[Material for the task — start]

(** For fixed [n] the [s phi s] series terminates, since [(q^-n; q)_k = 0] for
    [k > n].  Write [lambda_n = q^n L_n], where [L_n -> mu = -A (q-1)^2 q^alpha].
    Then [(q^-n; q)_k lambda_n^k = prod_(j<k) L_n (q^n - q^j)], so the [k]-th
    term tends to [mu^k q^(k(k-1)) z^k / ((q^alpha; q)_k (q; q)_k)], the [k]-th
    term of the [0 phi 1] series at [mu z]; the remaining q-Pochhammer symbols
    tend to [1] because [q^(a_j n + b_j)] and [q^(c_j n + d_j)] tend to [0].
    The same product bounds the [k]-th term by [prod_(j<k) q^j K <= C 2^-k],
    uniformly in [n] and in [z] on a disk, and Tannery's theorem gives uniform
    convergence.  The Bessel form is an identity of principal branches:
    [(Az)^((1-alpha)/2) (1-q)^(1-alpha) ((1-q) sqrt(Az))^(alpha-1) = 1], and the
    infinite products in [Gamma_q] and [J^(2)] cancel, being nonzero because
    [alpha] is not a non-positive integer. *)

From Pilot Require Import Defs.
From Stdlib Require Import Reals Lra Lia.
From Coquelicot Require Import Coquelicot.
Open Scope R_scope.

Lemma Cmod_cexp (z : C) : Cmod (cexp z) = exp (Re z).
Proof.
  unfold cexp, Cmod; simpl.
  replace (exp (Re z) * cos (Im z) * (exp (Re z) * cos (Im z) * 1)
           + exp (Re z) * sin (Im z) * (exp (Re z) * sin (Im z) * 1))
    with (exp (Re z) ^ 2 * (sin (Im z) ^ 2 + cos (Im z) ^ 2)) by ring.
  rewrite <- !Rsqr_pow2, sin2_cos2, Rmult_1_r.
  apply sqrt_Rsqr, Rlt_le, exp_pos.
Qed.

Lemma cexp_add (u v : C) : cexp (u + v)%C = (cexp u * cexp v)%C.
Proof.
  destruct u as [u1 u2], v as [v1 v2]; unfold cexp, Cmult, Cplus; simpl.
  rewrite exp_plus, cos_plus, sin_plus.
  apply injective_projections; simpl; ring.
Qed.

Lemma cexp_0 : cexp 0%C = 1%C.
Proof.
  unfold cexp; simpl; rewrite exp_0, cos_0, sin_0.
  apply injective_projections; simpl; ring.
Qed.

Lemma cexp_neq0 (z : C) : cexp z <> 0%C.
Proof.
  intros E; pose proof (exp_pos (Re z)).
  rewrite <- Cmod_cexp, E, Cmod_0 in H; lra.
Qed.

Lemma cexp_RtoC (x : R) : cexp (RtoC x) = RtoC (exp x).
Proof.
  unfold cexp; simpl; rewrite cos_0, sin_0.
  apply injective_projections; simpl; ring.
Qed.

Lemma qpow_RtoC (q x : R) : 0 < q -> qpow q (RtoC x) = RtoC (Rpower q x).
Proof.
  intros hq; unfold qpow, Rpower; rewrite <- cexp_RtoC; f_equal.
  apply injective_projections; simpl; ring.
Qed.
Lemma ltn_lcp a b z : z <= lcp a b -> z < size a -> z < size b ->
  (z < lcp a b) = (nth 0 a z == nth 0 b z).
Proof.
move=> zab za zb; rewrite lcp_geE // !(take_nth 0) // eqseq_rcons -lcp_geE ?zab //; lia.
Qed.

Section TruncatedPrefix.
Variables (k : nat) (u : seq nat).
Hypothesis ku : word_over k u.

Definition U m := nunbordered k (take m u) m.

(* The number of length-m words with prefix [take m u] whose shortest border has length j,
   for 0 < j <= m/2 (see sum_unbordered_borderE). *)
Definition nshortest_border m j :=
  let l := minn m (size u) in
  U j * (if l <= j then k ^ (m - 2 * j)
         else if l <= m - j then k ^ (m - j - l)
         else l - (m - j) <= lcp u (drop (m - j) u)).

Lemma U_full j : j <= size u -> U j = ~~ bordered (take j u).
Proof.
move=> ju; have kuj := word_over_take j ku.
have uj : size (take j u) = j by rewrite size_takel.
rewrite /U -[RHS](@sum_words_eq k (fun w => ~~ bordered w : nat) j); last first.
  by rewrite mem_words uj eqxx.
apply: eq_big_seq => w; rewrite mem_words => /andP[/eqP wj _].
by rewrite prefixE uj take_oversize ?wj // eq_sym mulnb.
Qed.

Lemma prefix_drop_take_lcp m j : j < minn m (size u) -> m - j < minn m (size u) ->
  prefix (drop (m - j) (take m u)) (take j u) =
  (minn m (size u) - (m - j) <= lcp u (drop (m - j) u)).
Proof.
move=> jl mjl; set c := minn m (size u) - (m - j).
have sc : size (drop (m - j) (take m u)) = c by rewrite size_drop size_take_min.
rewrite lcp_geE ?size_drop; try lia.
rewrite prefixE sc take_takel; last lia.
have -> : drop (m - j) (take m u) = take c (drop (m - j) u).
  apply: (@eq_from_nth _ 0) => [|i]; rewrite size_drop !size_take_min ?size_drop; first lia.
  by move=> ic; rewrite nth_drop !nth_take ?nth_drop //; lia.
by rewrite eq_sym.
Qed.

Lemma nbordered_take_add_U m : nbordered k (take m u) m + U m = k ^ (m - minn m (size u)).
Proof.
by rewrite /U nbordered_add_nunbordered ?word_over_take ?size_take_min // geq_minl.
Qed.

Lemma nbordered_take_rec m : nbordered k (take m u) m =
  \sum_(1 <= j < m./2.+1) nshortest_border m j.
Proof.
rewrite nbordered_sum_unbordered_border; apply: eq_big_seq => j; rewrite mem_index_iota => j_range.
rewrite sum_unbordered_borderE ?word_over_take; try lia.
rewrite size_take_min /nshortest_border /=; case: leqP => [lj|jl].
  by rewrite /U !take_oversize //; lia.
rewrite take_takel ?U_full; try lia.
by case: leqP => // ?; rewrite prefix_drop_take_lcp.
Qed.

End TruncatedPrefix.

Lemma word_of_inj k n : injective (@word_of k n).
Proof. by move=> t1 t2 /inj_map E; apply/val_inj/E => a b [] /val_inj. Qed.

Lemma perm_words_of k n : 0 < k ->
  perm_eq (map (@word_of k n) (enum {: n.-tuple 'I_k})) (words k n).
Proof.
case: k => // k _; apply: uniq_perm; [|exact: uniq_words|move=> w].
  by rewrite map_inj_uniq ?enum_uniq //; exact: word_of_inj.
rewrite mem_words; apply/mapP/idP => [[t _ ->]|/andP[/eqP wn kw]].
  rewrite size_map size_tuple eqxx; apply/allP => a /mapP[i _ ->] /=.
  by rewrite ltn_ord.
have wn' : size (map (fun a => inord a.-1 : 'I_k.+1) w) == n by rewrite size_map wn.
exists (Tuple wn'); first by rewrite mem_enum.
rewrite /word_of /= -map_comp -[LHS]map_id; apply/eq_in_map => a wa /=.
by move/allP: kw => /(_ a wa) ka; rewrite inordK; lia.
Qed.

Lemma B_nbordered k u n : 0 < k -> B k u n = nbordered k u n.
Proof.
move=> k_gt0; rewrite /B cardE /enum_mem size_filter.
rewrite (@eq_count _ _ (preim (@word_of k n) (fun w => prefix u w && bordered w))) //.
rewrite -count_map -enumT (permP (perm_words_of n k_gt0)).
by rewrite /nbordered -sum1_count big_mkcond.
Qed.

Section Execution.
Variable P : program.

Fixpoint exec (t : nat) (c : config) : option config :=
  if t is t'.+1 then (if step P c is Some c' then exec t' c' else None) else Some c.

[Material for the task — finish]

All lines above from the one containing "rewrite lcp_geE ?size_drop; try lia." to the one containing "by rewrite map_inj_uniq" must be repeated exactly, both lines included, and no others.

rewrite lcp_geE ?size_drop; try lia.
rewrite prefixE sc take_takel; last lia.
have -> : drop (m - j) (take m u) = take c (drop (m - j) u).
  apply: (@eq_from_nth _ 0) => [|i]; rewrite size_drop !size_take_min ?size_drop; first lia.
  by move=> ic; rewrite nth_drop !nth_take ?nth_drop //; lia.
by rewrite eq_sym.
Qed.

Lemma nbordered_take_add_U m : nbordered k (take m u) m + U m = k ^ (m - minn m (size u)).
Proof.
by rewrite /U nbordered_add_nunbordered ?word_over_take ?size_take_min // geq_minl.
Qed.

Lemma nbordered_take_rec m : nbordered k (take m u) m =
  \sum_(1 <= j < m./2.+1) nshortest_border m j.
Proof.
rewrite nbordered_sum_unbordered_border; apply: eq_big_seq => j; rewrite mem_index_iota => j_range.
rewrite sum_unbordered_borderE ?word_over_take; try lia.
rewrite size_take_min /nshortest_border /=; case: leqP => [lj|jl].
  by rewrite /U !take_oversize //; lia.
rewrite take_takel ?U_full; try lia.
by case: leqP => // ?; rewrite prefix_drop_take_lcp.
Qed.

End TruncatedPrefix.

Lemma word_of_inj k n : injective (@word_of k n).
Proof. by move=> t1 t2 /inj_map E; apply/val_inj/E => a b [] /val_inj. Qed.

Lemma perm_words_of k n : 0 < k ->
  perm_eq (map (@word_of k n) (enum {: n.-tuple 'I_k})) (words k n).
Proof.
case: k => // k _; apply: uniq_perm; [|exact: uniq_words|move=> w].
  by rewrite map_inj_uniq ?enum_uniq //; exact: word_of_inj.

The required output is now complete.